Stored data entries
· · · ·

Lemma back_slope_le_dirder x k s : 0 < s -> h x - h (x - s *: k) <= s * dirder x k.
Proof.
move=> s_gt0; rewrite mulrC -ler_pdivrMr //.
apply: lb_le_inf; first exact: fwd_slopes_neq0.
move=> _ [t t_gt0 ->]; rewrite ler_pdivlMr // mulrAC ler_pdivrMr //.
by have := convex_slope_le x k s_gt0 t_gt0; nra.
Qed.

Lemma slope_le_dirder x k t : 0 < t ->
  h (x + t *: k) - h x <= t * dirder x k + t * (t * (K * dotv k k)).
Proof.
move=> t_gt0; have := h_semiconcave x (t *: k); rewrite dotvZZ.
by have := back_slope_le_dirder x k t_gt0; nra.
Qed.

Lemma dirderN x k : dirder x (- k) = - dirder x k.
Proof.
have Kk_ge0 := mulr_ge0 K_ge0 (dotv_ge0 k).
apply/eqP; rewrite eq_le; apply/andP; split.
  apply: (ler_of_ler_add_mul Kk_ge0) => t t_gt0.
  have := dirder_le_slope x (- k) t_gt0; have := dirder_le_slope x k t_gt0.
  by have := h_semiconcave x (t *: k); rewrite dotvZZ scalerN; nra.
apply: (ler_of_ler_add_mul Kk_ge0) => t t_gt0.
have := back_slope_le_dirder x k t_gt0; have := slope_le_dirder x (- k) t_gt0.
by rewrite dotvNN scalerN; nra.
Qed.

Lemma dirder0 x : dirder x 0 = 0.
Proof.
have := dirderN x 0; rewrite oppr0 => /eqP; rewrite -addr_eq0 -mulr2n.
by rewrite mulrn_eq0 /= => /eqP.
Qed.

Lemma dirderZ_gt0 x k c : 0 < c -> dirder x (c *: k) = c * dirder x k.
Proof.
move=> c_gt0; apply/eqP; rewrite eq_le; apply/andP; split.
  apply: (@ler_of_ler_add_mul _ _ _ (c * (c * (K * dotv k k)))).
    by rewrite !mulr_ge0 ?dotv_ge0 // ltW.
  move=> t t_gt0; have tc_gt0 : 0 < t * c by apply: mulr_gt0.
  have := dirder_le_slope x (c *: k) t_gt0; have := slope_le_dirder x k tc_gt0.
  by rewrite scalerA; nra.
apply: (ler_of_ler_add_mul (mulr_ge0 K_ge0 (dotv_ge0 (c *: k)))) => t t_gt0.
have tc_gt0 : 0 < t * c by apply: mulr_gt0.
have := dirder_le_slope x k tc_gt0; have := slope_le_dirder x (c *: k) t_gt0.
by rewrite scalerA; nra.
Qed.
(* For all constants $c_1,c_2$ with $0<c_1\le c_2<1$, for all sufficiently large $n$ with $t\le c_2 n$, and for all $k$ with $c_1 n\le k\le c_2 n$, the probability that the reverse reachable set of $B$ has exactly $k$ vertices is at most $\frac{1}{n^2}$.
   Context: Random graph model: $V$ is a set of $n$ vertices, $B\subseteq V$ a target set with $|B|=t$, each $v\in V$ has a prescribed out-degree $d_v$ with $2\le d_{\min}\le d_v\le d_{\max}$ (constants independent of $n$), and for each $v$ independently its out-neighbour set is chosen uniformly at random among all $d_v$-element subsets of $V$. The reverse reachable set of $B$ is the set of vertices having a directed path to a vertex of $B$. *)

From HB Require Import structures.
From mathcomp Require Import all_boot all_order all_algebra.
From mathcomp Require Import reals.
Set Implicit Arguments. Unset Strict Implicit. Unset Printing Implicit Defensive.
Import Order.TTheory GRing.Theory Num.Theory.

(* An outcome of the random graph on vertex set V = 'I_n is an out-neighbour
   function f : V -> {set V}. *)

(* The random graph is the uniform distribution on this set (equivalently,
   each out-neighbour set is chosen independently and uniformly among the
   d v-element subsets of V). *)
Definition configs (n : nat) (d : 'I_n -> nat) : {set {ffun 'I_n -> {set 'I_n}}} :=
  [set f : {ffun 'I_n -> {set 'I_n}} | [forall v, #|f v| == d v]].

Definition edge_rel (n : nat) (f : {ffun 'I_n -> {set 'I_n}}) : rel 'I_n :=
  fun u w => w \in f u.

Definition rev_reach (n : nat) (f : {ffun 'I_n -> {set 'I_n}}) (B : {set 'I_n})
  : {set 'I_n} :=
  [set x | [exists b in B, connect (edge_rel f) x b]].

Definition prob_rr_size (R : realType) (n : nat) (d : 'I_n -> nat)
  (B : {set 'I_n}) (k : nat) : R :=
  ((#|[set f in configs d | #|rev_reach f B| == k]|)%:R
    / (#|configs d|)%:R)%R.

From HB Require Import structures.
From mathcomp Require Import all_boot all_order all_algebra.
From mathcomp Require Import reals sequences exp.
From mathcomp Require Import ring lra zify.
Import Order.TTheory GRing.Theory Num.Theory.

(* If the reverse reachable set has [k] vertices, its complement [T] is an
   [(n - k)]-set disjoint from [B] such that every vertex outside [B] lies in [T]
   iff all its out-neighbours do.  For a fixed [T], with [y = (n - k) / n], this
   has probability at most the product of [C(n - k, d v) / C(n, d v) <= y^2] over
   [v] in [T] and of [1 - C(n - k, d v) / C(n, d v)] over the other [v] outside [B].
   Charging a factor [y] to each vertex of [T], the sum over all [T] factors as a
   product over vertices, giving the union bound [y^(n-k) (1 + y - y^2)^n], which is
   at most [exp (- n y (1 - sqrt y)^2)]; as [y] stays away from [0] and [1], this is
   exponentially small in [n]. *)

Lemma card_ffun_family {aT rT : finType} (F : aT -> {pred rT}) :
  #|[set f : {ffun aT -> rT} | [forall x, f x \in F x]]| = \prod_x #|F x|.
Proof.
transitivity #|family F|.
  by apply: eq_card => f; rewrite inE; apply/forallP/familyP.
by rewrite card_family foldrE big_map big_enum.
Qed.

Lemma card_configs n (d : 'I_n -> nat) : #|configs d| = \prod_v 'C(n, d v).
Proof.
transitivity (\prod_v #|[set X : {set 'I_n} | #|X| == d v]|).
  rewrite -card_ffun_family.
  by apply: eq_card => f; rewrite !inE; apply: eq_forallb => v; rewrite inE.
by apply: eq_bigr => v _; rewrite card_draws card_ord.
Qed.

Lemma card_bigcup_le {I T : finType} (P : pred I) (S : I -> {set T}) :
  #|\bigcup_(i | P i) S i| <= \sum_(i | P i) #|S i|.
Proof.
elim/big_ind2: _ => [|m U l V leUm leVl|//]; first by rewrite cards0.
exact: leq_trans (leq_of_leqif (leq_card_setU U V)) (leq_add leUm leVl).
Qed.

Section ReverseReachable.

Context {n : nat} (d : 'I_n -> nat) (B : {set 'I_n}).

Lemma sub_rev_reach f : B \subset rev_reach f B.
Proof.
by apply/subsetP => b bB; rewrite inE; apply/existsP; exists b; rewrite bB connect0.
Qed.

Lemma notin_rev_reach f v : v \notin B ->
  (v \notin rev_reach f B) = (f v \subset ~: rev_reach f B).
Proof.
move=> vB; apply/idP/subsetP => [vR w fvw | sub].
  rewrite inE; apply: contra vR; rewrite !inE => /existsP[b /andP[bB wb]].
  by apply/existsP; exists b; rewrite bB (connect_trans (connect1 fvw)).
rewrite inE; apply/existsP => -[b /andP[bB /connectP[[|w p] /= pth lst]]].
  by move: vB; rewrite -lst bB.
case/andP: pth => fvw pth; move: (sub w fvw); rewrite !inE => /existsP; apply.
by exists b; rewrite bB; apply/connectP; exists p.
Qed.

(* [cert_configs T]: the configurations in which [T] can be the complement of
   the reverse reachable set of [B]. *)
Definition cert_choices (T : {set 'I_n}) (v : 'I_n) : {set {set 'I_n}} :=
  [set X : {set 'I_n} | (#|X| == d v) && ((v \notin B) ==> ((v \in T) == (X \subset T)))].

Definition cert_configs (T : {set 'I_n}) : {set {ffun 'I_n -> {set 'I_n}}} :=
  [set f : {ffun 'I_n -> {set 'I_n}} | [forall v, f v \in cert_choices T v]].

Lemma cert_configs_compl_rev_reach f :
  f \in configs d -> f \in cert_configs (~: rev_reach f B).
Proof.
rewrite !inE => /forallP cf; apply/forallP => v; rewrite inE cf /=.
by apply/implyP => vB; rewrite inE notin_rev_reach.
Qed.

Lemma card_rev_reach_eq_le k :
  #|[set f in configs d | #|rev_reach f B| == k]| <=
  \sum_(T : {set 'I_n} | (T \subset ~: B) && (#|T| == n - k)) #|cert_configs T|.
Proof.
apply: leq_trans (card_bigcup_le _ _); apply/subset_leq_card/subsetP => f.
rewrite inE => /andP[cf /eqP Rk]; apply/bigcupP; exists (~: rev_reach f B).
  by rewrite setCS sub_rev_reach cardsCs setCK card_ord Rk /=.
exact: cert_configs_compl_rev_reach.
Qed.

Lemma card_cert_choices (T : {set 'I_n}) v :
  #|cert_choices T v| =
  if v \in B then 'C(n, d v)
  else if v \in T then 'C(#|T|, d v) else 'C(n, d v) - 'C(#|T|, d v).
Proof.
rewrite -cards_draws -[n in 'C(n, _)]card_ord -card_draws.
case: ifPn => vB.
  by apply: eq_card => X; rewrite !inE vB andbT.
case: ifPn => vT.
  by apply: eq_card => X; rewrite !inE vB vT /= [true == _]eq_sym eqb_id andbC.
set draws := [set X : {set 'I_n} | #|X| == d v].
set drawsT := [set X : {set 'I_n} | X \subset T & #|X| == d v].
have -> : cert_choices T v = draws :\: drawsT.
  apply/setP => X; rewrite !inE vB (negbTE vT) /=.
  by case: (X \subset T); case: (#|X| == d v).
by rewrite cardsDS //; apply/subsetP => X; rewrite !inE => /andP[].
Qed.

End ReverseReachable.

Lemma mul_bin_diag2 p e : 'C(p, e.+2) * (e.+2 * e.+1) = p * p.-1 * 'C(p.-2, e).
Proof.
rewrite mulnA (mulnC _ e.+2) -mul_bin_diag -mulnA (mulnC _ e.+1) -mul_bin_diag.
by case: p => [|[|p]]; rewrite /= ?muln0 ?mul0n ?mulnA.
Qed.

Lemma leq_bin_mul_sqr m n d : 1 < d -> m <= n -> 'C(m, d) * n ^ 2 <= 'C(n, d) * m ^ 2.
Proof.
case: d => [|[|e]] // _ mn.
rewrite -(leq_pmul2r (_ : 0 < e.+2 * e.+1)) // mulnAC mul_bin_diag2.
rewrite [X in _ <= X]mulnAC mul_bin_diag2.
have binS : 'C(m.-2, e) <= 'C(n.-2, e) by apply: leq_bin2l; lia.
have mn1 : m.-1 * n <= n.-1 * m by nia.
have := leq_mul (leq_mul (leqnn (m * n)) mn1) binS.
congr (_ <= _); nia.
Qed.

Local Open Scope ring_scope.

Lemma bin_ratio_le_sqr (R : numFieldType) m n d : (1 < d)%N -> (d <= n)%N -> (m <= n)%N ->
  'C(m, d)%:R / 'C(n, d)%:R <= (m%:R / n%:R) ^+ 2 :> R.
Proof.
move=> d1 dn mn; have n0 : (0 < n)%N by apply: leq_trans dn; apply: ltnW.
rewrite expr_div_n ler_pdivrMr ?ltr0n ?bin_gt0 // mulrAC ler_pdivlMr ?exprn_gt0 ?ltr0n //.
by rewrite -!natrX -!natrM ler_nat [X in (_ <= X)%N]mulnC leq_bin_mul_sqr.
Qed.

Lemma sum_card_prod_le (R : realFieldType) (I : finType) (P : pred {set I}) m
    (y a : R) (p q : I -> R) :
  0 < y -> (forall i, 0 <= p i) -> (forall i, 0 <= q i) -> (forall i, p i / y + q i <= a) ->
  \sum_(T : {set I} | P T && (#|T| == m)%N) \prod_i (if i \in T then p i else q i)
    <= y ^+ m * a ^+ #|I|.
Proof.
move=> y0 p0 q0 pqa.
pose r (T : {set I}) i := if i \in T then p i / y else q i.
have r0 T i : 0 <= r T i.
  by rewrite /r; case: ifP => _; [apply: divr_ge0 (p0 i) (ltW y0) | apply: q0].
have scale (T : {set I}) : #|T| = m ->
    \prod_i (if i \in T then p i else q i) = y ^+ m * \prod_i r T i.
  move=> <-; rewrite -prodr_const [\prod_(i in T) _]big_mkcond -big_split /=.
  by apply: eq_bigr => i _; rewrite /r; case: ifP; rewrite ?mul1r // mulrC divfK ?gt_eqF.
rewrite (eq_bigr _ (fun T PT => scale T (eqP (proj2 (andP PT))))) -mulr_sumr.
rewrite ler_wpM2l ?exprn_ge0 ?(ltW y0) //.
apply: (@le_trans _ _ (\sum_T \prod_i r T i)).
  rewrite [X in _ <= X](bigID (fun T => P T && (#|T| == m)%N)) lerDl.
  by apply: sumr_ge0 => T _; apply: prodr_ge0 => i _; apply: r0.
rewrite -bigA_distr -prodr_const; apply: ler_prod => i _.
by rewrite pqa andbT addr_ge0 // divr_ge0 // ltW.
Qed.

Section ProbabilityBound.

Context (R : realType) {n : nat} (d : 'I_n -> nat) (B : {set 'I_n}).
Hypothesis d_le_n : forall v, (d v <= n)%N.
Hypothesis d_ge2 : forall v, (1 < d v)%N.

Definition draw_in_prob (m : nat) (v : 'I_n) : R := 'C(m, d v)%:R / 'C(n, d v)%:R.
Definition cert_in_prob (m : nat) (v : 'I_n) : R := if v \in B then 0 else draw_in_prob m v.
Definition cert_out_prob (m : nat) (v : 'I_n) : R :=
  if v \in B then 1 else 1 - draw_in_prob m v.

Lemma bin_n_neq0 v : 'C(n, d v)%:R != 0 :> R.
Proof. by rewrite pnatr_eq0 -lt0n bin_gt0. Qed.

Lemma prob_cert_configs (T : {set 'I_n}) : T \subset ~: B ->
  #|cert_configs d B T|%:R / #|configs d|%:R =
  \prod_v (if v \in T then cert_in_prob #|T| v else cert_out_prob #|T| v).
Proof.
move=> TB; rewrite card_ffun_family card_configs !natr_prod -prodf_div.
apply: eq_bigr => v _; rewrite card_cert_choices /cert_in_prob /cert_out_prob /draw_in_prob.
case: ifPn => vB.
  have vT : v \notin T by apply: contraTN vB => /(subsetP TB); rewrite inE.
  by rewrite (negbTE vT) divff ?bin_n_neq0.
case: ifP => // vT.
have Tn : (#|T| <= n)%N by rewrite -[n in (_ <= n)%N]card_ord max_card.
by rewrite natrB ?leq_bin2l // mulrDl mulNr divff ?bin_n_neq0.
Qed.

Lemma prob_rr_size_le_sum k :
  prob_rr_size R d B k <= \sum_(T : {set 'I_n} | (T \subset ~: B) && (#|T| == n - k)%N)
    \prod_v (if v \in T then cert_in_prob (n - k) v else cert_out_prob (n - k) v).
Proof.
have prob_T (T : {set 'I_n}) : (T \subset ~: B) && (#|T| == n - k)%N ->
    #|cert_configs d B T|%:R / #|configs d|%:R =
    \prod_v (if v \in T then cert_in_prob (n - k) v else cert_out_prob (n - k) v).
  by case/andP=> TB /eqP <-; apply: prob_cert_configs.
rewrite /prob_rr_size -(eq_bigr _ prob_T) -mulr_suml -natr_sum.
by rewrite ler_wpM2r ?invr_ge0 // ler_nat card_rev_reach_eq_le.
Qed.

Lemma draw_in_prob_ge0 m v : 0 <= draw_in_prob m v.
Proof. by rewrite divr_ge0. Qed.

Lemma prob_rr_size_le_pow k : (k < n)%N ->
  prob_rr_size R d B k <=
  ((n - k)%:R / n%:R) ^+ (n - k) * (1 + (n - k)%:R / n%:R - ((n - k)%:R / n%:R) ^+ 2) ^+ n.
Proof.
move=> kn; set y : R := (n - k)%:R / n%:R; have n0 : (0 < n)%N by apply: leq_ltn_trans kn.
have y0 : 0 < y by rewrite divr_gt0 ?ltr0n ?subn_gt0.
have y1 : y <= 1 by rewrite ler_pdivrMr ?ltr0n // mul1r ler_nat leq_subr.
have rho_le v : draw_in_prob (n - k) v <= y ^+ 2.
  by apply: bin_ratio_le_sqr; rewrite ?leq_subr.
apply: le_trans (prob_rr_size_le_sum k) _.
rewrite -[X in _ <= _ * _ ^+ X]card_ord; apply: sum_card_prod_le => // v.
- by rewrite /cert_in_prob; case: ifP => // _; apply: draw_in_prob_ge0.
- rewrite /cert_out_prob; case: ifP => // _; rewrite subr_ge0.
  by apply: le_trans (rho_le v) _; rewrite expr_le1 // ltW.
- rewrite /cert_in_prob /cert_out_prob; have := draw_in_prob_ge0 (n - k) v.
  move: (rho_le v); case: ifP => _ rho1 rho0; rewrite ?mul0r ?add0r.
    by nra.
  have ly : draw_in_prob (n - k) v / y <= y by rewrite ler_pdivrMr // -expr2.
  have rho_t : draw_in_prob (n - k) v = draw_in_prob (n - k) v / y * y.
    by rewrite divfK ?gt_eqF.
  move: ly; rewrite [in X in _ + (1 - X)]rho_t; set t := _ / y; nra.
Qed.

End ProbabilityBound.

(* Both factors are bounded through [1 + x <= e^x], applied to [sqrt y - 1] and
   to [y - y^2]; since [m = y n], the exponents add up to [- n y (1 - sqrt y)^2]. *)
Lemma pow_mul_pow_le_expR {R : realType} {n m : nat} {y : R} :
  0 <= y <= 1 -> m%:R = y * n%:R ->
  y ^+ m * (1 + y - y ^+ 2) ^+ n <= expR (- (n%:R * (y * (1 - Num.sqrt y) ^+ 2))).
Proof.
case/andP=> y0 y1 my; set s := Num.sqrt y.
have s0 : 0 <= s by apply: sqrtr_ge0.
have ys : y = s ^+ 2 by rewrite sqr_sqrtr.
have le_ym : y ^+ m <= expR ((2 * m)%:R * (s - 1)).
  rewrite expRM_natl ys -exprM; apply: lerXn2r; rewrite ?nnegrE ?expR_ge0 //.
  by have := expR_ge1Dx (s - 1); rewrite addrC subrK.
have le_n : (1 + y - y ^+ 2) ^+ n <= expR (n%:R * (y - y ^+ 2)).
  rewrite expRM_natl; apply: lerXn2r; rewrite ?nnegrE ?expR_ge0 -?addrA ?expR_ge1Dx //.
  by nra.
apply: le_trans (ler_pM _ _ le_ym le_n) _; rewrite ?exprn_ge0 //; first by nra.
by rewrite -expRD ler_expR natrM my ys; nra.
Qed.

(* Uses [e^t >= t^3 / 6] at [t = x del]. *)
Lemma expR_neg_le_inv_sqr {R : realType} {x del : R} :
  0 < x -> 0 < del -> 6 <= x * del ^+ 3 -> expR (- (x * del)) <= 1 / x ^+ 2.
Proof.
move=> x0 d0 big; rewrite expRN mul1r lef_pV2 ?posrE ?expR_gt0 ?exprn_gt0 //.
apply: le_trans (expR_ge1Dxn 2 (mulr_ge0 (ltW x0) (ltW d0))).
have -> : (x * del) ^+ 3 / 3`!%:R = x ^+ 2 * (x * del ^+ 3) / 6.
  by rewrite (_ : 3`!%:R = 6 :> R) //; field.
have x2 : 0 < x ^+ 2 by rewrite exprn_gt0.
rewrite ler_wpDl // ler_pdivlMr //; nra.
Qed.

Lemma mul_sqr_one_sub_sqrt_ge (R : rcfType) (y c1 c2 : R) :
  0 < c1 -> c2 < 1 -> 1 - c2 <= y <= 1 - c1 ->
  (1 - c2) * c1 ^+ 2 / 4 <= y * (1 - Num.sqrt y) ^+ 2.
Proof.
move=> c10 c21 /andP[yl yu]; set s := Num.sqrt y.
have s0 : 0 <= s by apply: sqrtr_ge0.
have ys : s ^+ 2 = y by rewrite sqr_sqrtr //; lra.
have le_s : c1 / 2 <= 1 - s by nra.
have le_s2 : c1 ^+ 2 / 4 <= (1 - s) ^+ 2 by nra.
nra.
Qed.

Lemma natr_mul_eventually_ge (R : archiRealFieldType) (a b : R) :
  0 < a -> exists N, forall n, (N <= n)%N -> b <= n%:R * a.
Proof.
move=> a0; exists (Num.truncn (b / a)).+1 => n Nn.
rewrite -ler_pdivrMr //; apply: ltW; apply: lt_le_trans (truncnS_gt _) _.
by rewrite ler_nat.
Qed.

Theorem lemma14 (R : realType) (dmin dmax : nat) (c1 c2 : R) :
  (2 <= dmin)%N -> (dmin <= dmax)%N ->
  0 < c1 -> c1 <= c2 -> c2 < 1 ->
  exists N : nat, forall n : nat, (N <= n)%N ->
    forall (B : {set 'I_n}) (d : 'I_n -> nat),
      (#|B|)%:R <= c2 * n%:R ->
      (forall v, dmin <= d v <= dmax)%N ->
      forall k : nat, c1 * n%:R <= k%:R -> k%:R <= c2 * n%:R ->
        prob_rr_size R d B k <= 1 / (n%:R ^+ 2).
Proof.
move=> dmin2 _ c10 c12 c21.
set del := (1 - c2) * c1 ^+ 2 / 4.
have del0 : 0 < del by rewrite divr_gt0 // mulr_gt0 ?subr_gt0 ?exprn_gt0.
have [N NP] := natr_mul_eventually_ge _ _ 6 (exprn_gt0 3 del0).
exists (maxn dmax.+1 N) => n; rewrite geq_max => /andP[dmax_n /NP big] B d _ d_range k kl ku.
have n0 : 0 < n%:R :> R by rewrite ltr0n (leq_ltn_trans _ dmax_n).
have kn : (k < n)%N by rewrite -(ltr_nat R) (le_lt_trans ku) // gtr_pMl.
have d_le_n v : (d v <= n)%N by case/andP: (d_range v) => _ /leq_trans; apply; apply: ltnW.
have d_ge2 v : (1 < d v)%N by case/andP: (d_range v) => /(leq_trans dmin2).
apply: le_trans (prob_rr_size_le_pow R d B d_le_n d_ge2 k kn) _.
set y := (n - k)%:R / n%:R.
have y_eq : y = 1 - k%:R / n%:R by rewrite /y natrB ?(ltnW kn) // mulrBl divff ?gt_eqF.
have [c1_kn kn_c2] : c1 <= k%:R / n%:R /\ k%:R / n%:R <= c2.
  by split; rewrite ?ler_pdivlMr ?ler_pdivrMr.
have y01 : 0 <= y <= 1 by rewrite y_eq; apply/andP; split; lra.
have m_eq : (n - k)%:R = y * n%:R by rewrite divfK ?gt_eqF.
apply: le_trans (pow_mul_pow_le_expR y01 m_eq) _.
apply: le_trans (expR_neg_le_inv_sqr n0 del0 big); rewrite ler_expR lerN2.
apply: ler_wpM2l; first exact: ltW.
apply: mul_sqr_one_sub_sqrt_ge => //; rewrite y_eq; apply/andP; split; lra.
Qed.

· · · ·

= ASSIGNMENT =
The answer must be every line of the records that holds the string "first".

= WRITTEN SOLUTION =
apply: lb_le_inf; first exact: fwd_slopes_neq0.
elim/big_ind2: _ => [|m U l V leUm leVl|//]; first by rewrite cards0.
apply: le_trans (ler_pM _ _ le_ym le_n) _; rewrite ?exprn_ge0 //; first by nra.
apply: ler_wpM2l; first exact: ltW.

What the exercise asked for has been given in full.